Cuando Medes entró en el salón adonde Gergu llevaba sus conquistas, Olivia lo consideró feo y gordo. Pero ¿a qué hombre podían encontrar gracia sus ojos después de Sehotep?
—¿De modo, jovencita, que sedujiste al Portador del sello real?
Por el tono de voz, Olivia advirtió que el interrogador era peligroso. Habría que jugar duro con él.
—Gergu me ha prometido un lote de ropa de lujo.
—¿Te recibió bien Sehotep?
—¡Mejor de lo que esperaba!
—Hermosa como eres, no se te resistiría por mucho tiempo… ¿Conseguiste alguna confidencia?
—Después de hacer el amor, a algunos hombres les gusta presumir de su trabajo. Por fortuna, Sehotep forma parte de ellos.
—Te escucho, bonita. Se te pagará en función del valor de tus informaciones.
—Sehotep habló del valor de sus múltiples funciones: las grandes obras, los…
—Ya sé todo eso. ¿Describió una tarea concreta, en un futuro próximo?
—Va a examinar bueyes cebados y los traerá a Menfis.
El detalle intrigó a Medes, pues ninguna gran fiesta estaba prevista de inmediato.
—¿A qué se destinan esos animales?
—A la celebración de un ritual y un banquete en el templo de Neith.
—Te tomó el pelo, pequeña. El edificio está restaurándose.
—Sehotep supervisa las obras. Y sé también por qué se organizará esa fiesta.
—¡Habla, entonces!
Olivia hizo algunos arrumacos.
—¿Y si concretáramos mi remuneración?
Medes pareció divertido.
—Eres hábil e inteligente, pero no fuerces tu talento.
—Si me amenazáis, no sabréis nada más.
—¿Cuál es tu mayor sueño?
—Una hermosa mansión en el centro de la ciudad.
—¡Exorbitante!
—No lo creo.
—Bueno, veamos qué tienes para vender. Si la mercancía es de calidad superior, estoy de acuerdo con la casa.

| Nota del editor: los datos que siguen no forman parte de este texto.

(* On the carrier $\mathbb{F}_2^5$, with indices taken modulo $5$, define $((x_i)_{i=1}^5\diamond(y_i)_{i=1}^5)_i=1-x_{i+1}y_{i-1}$. This finite magma satisfies $\mathrm{x}\simeq(\mathrm{y}\diamond\mathrm{x})\diamond(\mathrm{x}\diamond(\mathrm{z}\diamond\mathrm{y}))$ but does not satisfy $\mathrm{x}\simeq(\mathrm{x}\diamond\mathrm{x})\diamond(\mathrm{x}\diamond\mathrm{x})$. Consequently the first law does not imply the second, even for finite magmas.
   Context: $\mathbb{F}_2$ is the field with two elements; arithmetic in each coordinate is in $\mathbb{F}_2$. A magma satisfies a law if the identity holds for all assignments of variables. *)

From mathcomp Require Import all_boot all_algebra.
Set Implicit Arguments. Unset Strict Implicit. Unset Printing Implicit Defensive.
Import GRing.Theory.
Local Open Scope ring_scope.

(* Carrier F_2^5: functions from the index set Z/5 (represented by 'I_5,
   i.e. indices 0..4 instead of 1..5) to the prime field 'F_2. *)
Definition F25 := {ffun 'I_5 -> 'F_2}.

Definition diamond (x y : F25) : F25 :=
  [ffun i : 'I_5 => 1 - x (ordS i) * y (ord_pred i)].

Definition satisfies_law1 (T : Type) (op : T -> T -> T) : Prop :=
  forall x y z : T, x = op (op y x) (op x (op z y)).

Definition satisfies_law2 (T : Type) (op : T -> T -> T) : Prop :=
  forall x : T, x = op (op x x) (op x x).

(* Coordinatewise, the right-hand side of law 1 at index i only involves
   a = x_i, b = y_(i+2) and c = z_(i-1) (because i-3 = i+2 mod 5), and equals
   1 - (1 - b a)(1 - a (1 - c b)).  Since a and b are idempotent, the product
   collapses to 1 - a.  Law 2 fails at the indicator vector of index 0:
   x <> x is the all-ones vector and (x <> x) <> (x <> x) is zero. *)
From mathcomp Require Import all_boot all_algebra.
From mathcomp Require Import ring.
Import GRing.Theory.
Local Open Scope ring_scope.

Lemma idempotent_law1_identity (R : comPzRingType) (a b c : R) :
  a * a = a -> b * b = b -> a = 1 - (1 - b * a) * (1 - a * (1 - c * b)).
Proof.
move=> aa bb.
have -> : (1 - b * a) * (1 - a * (1 - c * b))
          = 1 - a + b * (a * a - a) - c * (a * a * (b * b - b) + b * (a * a - a)).
  by ring.
by rewrite aa bb; ring.
Qed.

Lemma Fp2_idem (a : 'F_2) : a * a = a.
Proof. by case: a => [[|[|n]] //] ?; apply: val_inj. Qed.

Lemma ord_pred3E (i : 'I_5) : ord_pred (ord_pred (ord_pred i)) = ordS (ordS i).
Proof. by apply: val_inj; case: i => [[|[|[|[|[|]]]]]]. Qed.

Lemma diamond_law1 : satisfies_law1 diamond.
Proof.
move=> x y z; apply/ffunP => i.
rewrite !ffunE ordSK ord_predK ord_pred3E.
exact/idempotent_law1_identity/Fp2_idem/Fp2_idem.
Qed.

Lemma diamond_not_law2 : ~ satisfies_law2 diamond.
Proof.
move=> /(_ [ffun i => (i == ord0)%:R]) /ffunP /(_ ord0).
by rewrite !ffunE => /(congr1 val).
Qed.

Theorem mainTheorem18 :
  satisfies_law1 diamond /\ ~ satisfies_law2 diamond /\
  (exists (T : finType) (op : T -> T -> T),
      satisfies_law1 op /\ ~ satisfies_law2 op).
Proof.
split; first exact: diamond_law1.
split; first exact: diamond_not_law2.
by exists F25, diamond; split; [exact: diamond_law1 | exact: diamond_not_law2].
Qed.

—Procedí por etapas para que Sehotep se confiara realmente. Vanidoso y orgulloso de su importancia, no resistió el deseo de deslumbrarme. Si no me hubiera mostrado curiosa, se habría extrañado, pero preguntarle demasiado lo habría alarmado. Puesto que nuestro entendimiento fue perfecto y sin una nota desafinada, se abandonó y me reveló la existencia de un tesoro que se depositará muy pronto en el santuario del templo de Neith. Con ocasión del acontecimiento se organizará una fiesta.
—Un tesoro… ¿De qué clase?
—Según sus propias palabras, «tan valioso e importante que las propias divinidades quedarán encantadas».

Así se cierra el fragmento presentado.